What's still unresolved
As of the post-mortem, vaults remain paused pending a governance decision on unpause strategy, and Lazy Summer DAO governance will separately decide whether to exclude the attacker's shares from any snapshot and how — or whether — depositors are compensated. Fund recovery is ongoing with security firms and SEAL 911 but complicated by mixer use.
FAQ
Frequently Asked Questions
What caused the Summer.fi (Lazy Summer Protocol) exploit?
An attacker used a ~$65.4M flash loan and donated overvalued Silo "Varlamore USDC Growth" tokens into a Summer.fi Ark strategy adapter that was capped but still counted in the FleetCommander vault's total-assets calculation, inflating the share price by about 9.5% before redeeming at the inflated rate.

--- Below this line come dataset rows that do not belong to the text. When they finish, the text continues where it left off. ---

(* Let $X$ be a real Banach space with the Ball Small Combination of Slice Property ($BSCSP$). Then for every separable closed subspace $Y$ of $X$ there exists a separable closed subspace $Z$ of $X$ with $Y\subseteq Z$ such that $Z$ has $BSCSP$.
   Context: For a real Banach space $X$, $B_X$ denotes its closed unit ball and $X^*$ its dual. A slice of a bounded set $C\subseteq X$ is a set $S(C,x^*,\alpha)=\{x\in C: x^*(x)>\sup x^*(C)-\alpha\}$ with $x^*\in X^*$, $\|x^*\|=1$, $\alpha>0$. A convex combination of slices of $C$ is a set $\sum_{i=1}^k \lambda_i S_i=\{\sum_{i=1}^k\lambda_i x_i : x_i\in S_i\}$ where $S_1,\dots,S_k$ are slices of $C$ and $\lambda_i>0$ with $\sum_i\lambda_i=1$. $X$ has the Ball Small Combination of Slice Property ($BSCSP$) if for every $\varepsilon>0$ there is a convex combination of slices of $B_X$ of diameter less than $\varepsilon$. *)

From HB Require Import structures.
From mathcomp Require Import all_boot all_order all_algebra.
From mathcomp Require Import all_classical all_reals all_analysis.
Set Implicit Arguments. Unset Strict Implicit. Unset Printing Implicit Defensive.
Import Order.TTheory GRing.Theory Num.Theory.
Import numFieldNormedType.Exports.
Local Open Scope classical_set_scope.
Local Open Scope ring_scope.

Section BSCSP.
Variables (R : realType) (X : completeNormedModType R).

Definition is_subspace (Z : set X) : Prop :=
  Z 0 /\ forall (a : R) (x y : X), Z x -> Z y -> Z (a *: x + y).

Definition closed_subspace (Z : set X) : Prop := is_subspace Z /\ closed Z.

Definition separable_set (Z : set X) : Prop :=
  exists D : set X, [/\ countable D, D `<=` Z & Z `<=` closure D].

Definition unit_ball (Z : set X) : set X := [set x | Z x /\ `|x| <= 1].

(* an element of the dual Z^* : a function X -> R which is linear and
   continuous on Z (its values off Z are irrelevant) *)
Definition dual_elt (Z : set X) (g : X -> R) : Prop :=
  (forall (a : R) (x y : X), Z x -> Z y -> g (a *: x + y) = a * g x + g y)
  /\ {within Z, continuous g}.

Definition dual_norm (Z : set X) (g : X -> R) : R :=
  sup [set `|g x| | x in unit_ball Z].

Definition slice (C : set X) (g : X -> R) (alpha : R) : set X :=
  [set x | C x /\ g x > sup (g @` C) - alpha].

Definition is_slice_of_ball (Z : set X) (S : set X) : Prop :=
  exists (g : X -> R) (alpha : R),
    [/\ dual_elt Z g, dual_norm Z g = 1, 0 < alpha & S = slice (unit_ball Z) g alpha].

Definition convex_comb_set (n : nat) (lam : 'I_n -> R) (S : 'I_n -> set X) : set X :=
  [set y | exists x : 'I_n -> X, (forall i, S i (x i)) /\ y = \sum_(i < n) lam i *: x i].

Definition diam (A : set X) : \bar R :=
  ereal_sup [set (`|x - y|)%:E | x in A & y in A].

Definition BSCSP_on (Z : set X) : Prop :=
  forall eps : R, 0 < eps ->
    exists (n : nat) (lam : 'I_n -> R) (S : 'I_n -> set X),
      [/\ (forall i, 0 < lam i), \sum_(i < n) lam i = 1,
          (forall i, is_slice_of_ball Z (S i)) &
          (diam (convex_comb_set lam S) < eps%:E)%E].

Definition BSCSP : Prop := BSCSP_on setT.

End BSCSP.

From HB Require Import structures.
From mathcomp Require Import all_boot all_order all_algebra.
From mathcomp Require Import all_classical all_reals all_analysis.
From mathcomp Require Import lra.
Import Order.TTheory GRing.Theory Num.Theory.
Import numFieldNormedType.Exports.
Local Open Scope classical_set_scope.
Local Open Scope ring_scope.
Set Implicit Arguments. Unset Strict Implicit.

(* The key fact is
   that a slice of B_X can be "anchored" (slice_anchor): for a norm-one
   functional g and alpha > 0 pick p in B_X with g p > 1 - gam, where
   gam = min(alpha, 1)/2.  If a subspace Z contains p, the restriction of g to Z
   has norm m with g p <= m <= 1, and the slice of B_Z cut by g/m with width gam
   lies inside the slice S(B_X, g, 2 gam), hence inside S(B_X, g, alpha).
   Consequently, if Z contains the anchors of the slices of a convex combination
   of slices of B_X of diameter < eps, then the corresponding combination of the
   restricted slices of B_Z is a subset of it and still has diameter < eps.

   Using BSCSP with eps = 1/(k+1) for every k, we get countably many anchors.
   Z is the closed linear span of these anchors together with a countable dense
   subset of Y.  Closed spans of countable families are separable closed
   subspaces: their rational combinations form a countable dense set, and the
   closure of the rational span is a linear subspace because Q is dense in R
   and the vector operations are continuous. *)

Lemma sup_scale (R : realType) (E : set R) (c : R) : 0 < c -> has_sup E ->
  sup [set c * x | x in E] = c * sup E.
Proof.
move=> c0 hsE; have [[x0 Ex0] _] := hsE; have supE := sup_upper_bound hsE.
have ubcE : ubound [set c * x | x in E] (c * sup E).
  by move=> _ [x Ex <-]; rewrite ler_pM2l // supE.
apply/eqP; rewrite eq_le; apply/andP; split; first by apply: ge_sup => //; exists (c * x0), x0.
rewrite -ler_pdivlMl //; apply: ge_sup; first by exists x0.
move=> x Ex; rewrite ler_pdivlMl //; apply: sup_upper_bound; last by exists x.
by split; [exists (c * x0), x0 | exists (c * sup E)].
Qed.

Lemma natSinv_lt (R : realType) (eps : R) : 0 < eps -> exists k : nat, k.+1%:R^-1 < eps.
Proof.
move=> e0; have [N _ hN] := near_infty_natSinv_lt (PosNum e0).
by exists N; apply: hN => /=.
Qed.

(* A continuous map sending A into the closure of B sends the closure of A
   there as well; this is how closures inherit algebraic closure properties. *)
Lemma closure_image_sub (T U : topologicalType) (f : T -> U) (A : set T) (B : set U) :
  continuous f -> f @` A `<=` closure B -> f @` closure A `<=` closure B.
Proof.
move=> cf fAB _ [x Ax <-].
have clB : closed (f @^-1` closure B) := (continuous_closedP f).1 cf _ (@closed_closure _ B).
have AB : A `<=` f @^-1` closure B by move=> a Aa; apply: fAB; exists a.
by have := closureS AB Ax; rewrite -(closure_id _).1.
Qed.

Lemma dense_closure (T : topologicalType) (S : set T) (x : T) : dense S -> closure S x.
Proof.
move=> dS B; rewrite nbhsE => -[U [oU Ux] UB].
by have [y [Uy Sy]] := dS U (ex_intro _ x Ux) oU; exists y; split => //; apply: UB.
Qed.

Section Functionals.
Variables (R : realType) (X : completeNormedModType R).
Implicit Types (Z : set X) (g : X -> R).

Lemma dual_elt0 Z g : is_subspace Z -> dual_elt Z g -> g 0 = 0.
Proof.
move=> [Z0 _] [lin _]; have := lin 1 0 0 Z0 Z0.
by rewrite scaler0 addr0 mul1r -[LHS]add0r => /addIr.
Qed.

Lemma dual_eltZ Z g a x : is_subspace Z -> dual_elt Z g -> Z x ->
  g (a *: x) = a * g x.
Proof.
move=> sZ dg Zx; have := dg.1 a x 0 Zx sZ.1.
by rewrite !addr0 (dual_elt0 sZ dg) addr0.
Qed.

Lemma dual_eltS Z Z' g : Z `<=` Z' -> dual_elt Z' g -> dual_elt Z g.
Proof.
move=> ZZ' [lin cont]; split; last exact: continuous_subspaceW cont.
by move=> a x y Zx Zy; apply: lin; apply: ZZ'.
Qed.

Lemma dual_eltM Z g c : dual_elt Z g -> dual_elt Z (fun x => c * g x).
Proof.
move=> [lin cont]; split.
  by move=> a x y Zx Zy; rewrite lin // mulrDr mulrCA.
by move=> x; apply: cvgM => //; [exact: cvg_cst | exact: cont].
Qed.

Lemma is_subspaceT : is_subspace (@setT X).
Proof. by []. Qed.

Lemma unit_ball0 Z : is_subspace Z -> unit_ball Z 0.
Proof. by move=> [Z0 _]; split; rewrite ?normr0. Qed.

Lemma unit_ballN Z x : is_subspace Z -> unit_ball Z x -> unit_ball Z (- x).
Proof.
move=> [Z0 lin] [Zx nx]; split; last by rewrite normrN.
by rewrite -[- x]addr0 -scaleN1r; apply: lin.
Qed.

(* A nonzero dual norm is the supremum of a bounded set (otherwise the
   library's sup defaults to 0), so it bounds |g| on the unit ball. *)
Lemma dual_norm_has_sup Z g : dual_norm Z g != 0 ->
  has_sup [set `|g x| | x in unit_ball Z].
Proof.
move=> dn0; have [//|nsup] := pselect (has_sup [set `|g x| | x in unit_ball Z]).
by move: dn0; rewrite /dual_norm sup_out ?eqxx.
Qed.

Lemma dual_norm_ge Z g x : dual_norm Z g != 0 -> unit_ball Z x ->
  `|g x| <= dual_norm Z g.
Proof.
move=> dn0 Bx; apply: sup_upper_bound; first exact: dual_norm_has_sup.
by exists x.
Qed.

Lemma dual_normM Z g c : 0 < c -> dual_norm Z g != 0 ->
  dual_norm Z (fun x => c * g x) = c * dual_norm Z g.
Proof.
move=> c0 dn0; rewrite /dual_norm -(sup_scale c0 (dual_norm_has_sup dn0)).
by rewrite image_comp; congr sup; apply: eq_imagel => x _ /=; rewrite normrM gtr0_norm.
Qed.

Lemma has_sup_image_ball Z g : is_subspace Z -> dual_norm Z g != 0 ->
  has_sup (g @` unit_ball Z).
Proof.
move=> sZ dn0; split; first by exists (g 0), 0; first exact: unit_ball0.
exists (dual_norm Z g) => _ [x Bx <-].
exact: le_trans (ler_norm _) (dual_norm_ge dn0 Bx).
Qed.

(* By symmetry of the ball, sup g(B_Z) equals the dual norm; for a norm-one
   functional the slices of B_Z are thus S(B_Z, g, a) = [x in B_Z | g x > 1 - a]. *)
Lemma sup_dual_elt_ball Z g : is_subspace Z -> dual_elt Z g -> dual_norm Z g = 1 ->
  sup (g @` unit_ball Z) = 1.
Proof.
move=> sZ dg dn1; have dn0 : dual_norm Z g != 0 by rewrite dn1 oner_eq0.
have B0 := unit_ball0 sZ.
have ub1 x : unit_ball Z x -> g x <= 1.
  by move=> Bx; rewrite -dn1; apply: le_trans (ler_norm _) (dual_norm_ge dn0 Bx).
have hs := has_sup_image_ball sZ dn0.
apply/eqP; rewrite eq_le; apply/andP; split.
  by apply: ge_sup; [exists (g 0), 0 | move=> _ [x Bx <-]; exact: ub1].
rewrite -{1}dn1; apply: ge_sup; first by exists `|g 0|, 0.
move=> _ [x Bx <-]; rewrite ler_norml lerNl -mulN1r -(dual_eltZ _ sZ dg Bx.1).
rewrite scaleN1r; apply/andP; split; apply: sup_upper_bound => //.
by exists (- x); first exact: unit_ballN.
Qed.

How much was stolen and from which vaults?
Roughly $6.04M in total: about $5.64M from the LazyVault_LowerRisk_USDC vault and $0.40M from LazyVault_HigherRisk_USDC, extracted in a single atomic transaction on 6 July 2026.
Can Summer.fi's guardians recover the stolen funds?
No. The 6-of-8 guardian multisig can only pause vaults and zero deposit caps — it has no ability to move user funds or reverse the transaction. Recovery now depends on off-chain tracing with security firms, complicated by the attacker's use of a mixer.